R. Chandrashekhar, Secretary in the Department of Information Technology, said the rules were framed to fix the liability on service providers, intermediaries and bodies looking after the details of the users as the government could not allow complete insulation to anyone from any illegitimate activity that involved a body or a person. “The rules were made to define that liability and restrict that liability,” he clarified. He denied that the government intended to restrict free speech through these rules.
Rule 3 (2) requires that such rules and regulations, terms and conditions or user agreement shall inform users not to host, display, upload, modify, publish, transmit, update or share any information that belongs to another person and to which the user does not have any right to, and is grossly harmful, blasphemous, defamatory, obscene, pornographic, invasive of another’s privacy, hateful, or racially, ethnically objectionable, disparaging, relating or encouraging money laundering or gambling, or otherwise unlawful in any manner whatever.
Powers to censor content
The loose language of this rule, critics fear, can be interpreted widely, and the intermediaries may enjoy extraordinary powers to censor content, resulting in unnecessary restrictions on freedom of expression.

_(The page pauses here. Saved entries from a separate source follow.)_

Lemma Cterm_dterm m r : (m < N.+1)%N -> (r < N)%N ->
  Cterm r (dterm m w) = Cdword letter N m r.
Proof.
move=> hm hr; rewrite dterm_letters // Cterm_mkseq size_mkseq //.
by apply: eq_in_mkseq => t ht; rewrite nth_mkseq // ltn_pmod.
Qed.

Lemma Sterm_dterm m r j : (m < N.+1)%N -> (r < N)%N ->
  Sterm r j (dterm m w) = Sdword letter N m r j.
Proof.
move=> hm hr; rewrite dterm_letters // Sterm_mkseq size_mkseq // modn_small //.
by apply: eq_in_mkseq => t ht; rewrite !nth_mkseq ?ltn_pmod.
Qed.

Lemma ddt_St_Cw_cyclic : eqv (ddt (St (Cw w))) (St (C (deltaw w))).
Proof.
apply: eqv_of_pairing => G.
rewrite pairing_ddt_St_Cw pairing_St /C pairing_linext /deltaw big_map.
rewrite size_w !iota0_index_iota.
transitivity (\sum_(0 <= m < N.+1) \sum_(0 <= r < N) Spair (Cdword letter N m r) G);
  last first.
  apply: eq_big_nat => m /andP[_ hm] /=.
  rewrite mul1r -/(dterm m w) /pairing /Cw big_map size_dterm // iota0_index_iota.
  apply: eq_big_nat => r /andP[_ hr] /=.
  by rewrite mul1r -/(Cterm r _) Cterm_dterm.
rewrite -(@merged_Cwords_cyclic letter N N_gt0 letter_periodic _ (Spair^~ G)).
apply: eq_big_nat => i /andP[_ hi].
by rewrite dSpair_merges Cterm_letters // merges_mkseq // big_map iota0_index_iota.
Qed.

Lemma ddt_St_Sigmaw_cyclic :
  eqv (ddt (St (Sigmaw w))) (St (Sigma (deltaw w)) ++ scale (-1) (St (Cw w))).
Proof.
apply: eqv_of_pairing => G.
rewrite pairing_cat pairing_scale !pairing_St mulN1r.
rewrite /Sigma pairing_linext /deltaw big_map pairing_ddt_St_Sigmaw.
rewrite size_w !iota0_index_iota.
transitivity (\sum_(0 <= m < N.+1) \sum_(0 <= r < N)
     \sum_(j <- iota 1 (dfun letter m r).-1) Spair (Sdword letter N m r j) G
   - \sum_(0 <= i < N.+1) Spair (Cword letter N i) G); last first.
  congr (_ - _).
    apply: eq_big_nat => m /andP[_ hm] /=.
    rewrite mul1r -/(dterm m w) /pairing /Sigmaw big_flatten big_map.
    rewrite size_dterm // iota0_index_iota; apply: eq_big_nat => r /andP[_ hr] /=.
    rewrite big_map {1}head_rot_dterm //; apply: eq_bigr => j _ /=.
    by rewrite mul1r -/(Sterm r j _) Sterm_dterm.
  rewrite /pairing /Cw big_map size_w iota0_index_iota.
  by apply: eq_big_nat => i /andP[_ hi] /=; rewrite mul1r -/(Cterm i w) Cterm_letters.
rewrite -(@merged_Swords_cyclic letter N N_gt0 letter_periodic _ letter_gt0 (Spair^~ G)).
rewrite addrK; apply: eq_big_nat => i /andP[_ hi].
rewrite head_rot_mod size_w //; apply: eq_bigr => j _.
by rewrite dSpair_merges Sterm_letters // merges_mkseq // big_map iota0_index_iota.
Qed.

End CyclicWord.

Theorem lemma5p3 (w : word) :
  (0 < size w)%N -> all (fun k => 0 < k)%N w ->
  (eqv (ddt (St (Cw w)))
       (if size w == 1%N then [::] else St (C (deltaw w))))
  /\
  (eqv (ddt (St (Sigmaw w)))
       (if size w == 1%N then [:: (((sumn w).-1)%:R%:P, [:: (sumn w).+1])]
        else St (Sigma (deltaw w)) ++ scale (-1) (St (Cw w)))).
Proof.
move=> w_nonempty w_pos.
case: (eqVneq (size w) 1%N) => [size1 | size_ne1].
  case: w w_nonempty w_pos size1 => [|k [|]] //= _ _ _.
  by rewrite addn0; exact: ddt_St_one_letter.
have size_w : size w = (size w).-2.+2 by lia.
have N_gt0 : (0 < (size w).-2.+1)%N by [].
split.
  exact: ddt_St_Cw_cyclic size_w N_gt0.
exact: ddt_St_Sigmaw_cyclic size_w N_gt0 w_pos.
Qed.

Rule 3 (2) (i) requires the intermediary to ensure that the content posted by the user does not threaten the unity, integrity, defence, security or sovereignty of India, friendly relations with foreign states, or public order or cause incitement to the commission of any cognisable offence or prevent investigation of any offence or is insulting to any other nation. Again, this rule is loosely phrased, and does not explain how the intermediary can conclude that a particular post “threatens to…”.
Rule 3(4) is even more mischievous. It requires that the intermediary, upon obtaining knowledge by itself or being brought to actual knowledge by an affected person in writing or through e-mail signed with electronic signature about any such information as mentioned in Rule 3(2), shall act within 36 hours and work with the user or owner of such information to disable it. Further, the intermediary has also to preserve such information for at least 90 days for investigation.
Rule 3(11) provides the remedy for an aggrieved user. It requires the intermediary to publish on its website the name of the grievance officer and his contact details as well as the mechanism by which users or any victim who suffers as a result of access or usage of computer resource by any person in violation of Rule 3 can notify their complaints. The grievance officer has been asked to redress such complaints within one month from the date of receipt of a complaint. Ironically, the rules do not provide content writers a means to defend their work or appeal a decision by the intermediary to remove content. The absence of natural justice in the rules will make it easy for critics to challenge them legally.
Google has expressed fears that the rules could impede its operations in India as it could become liable for questionable content posted by third parties and suffer great harm in terms of huge fines or other punishment. It is reported that the Indian authorities have asked Google to remove content that speaks ill of leading politicians. The Ministry has denied that it intends to acquire regulatory jurisdiction over content posted on the Web.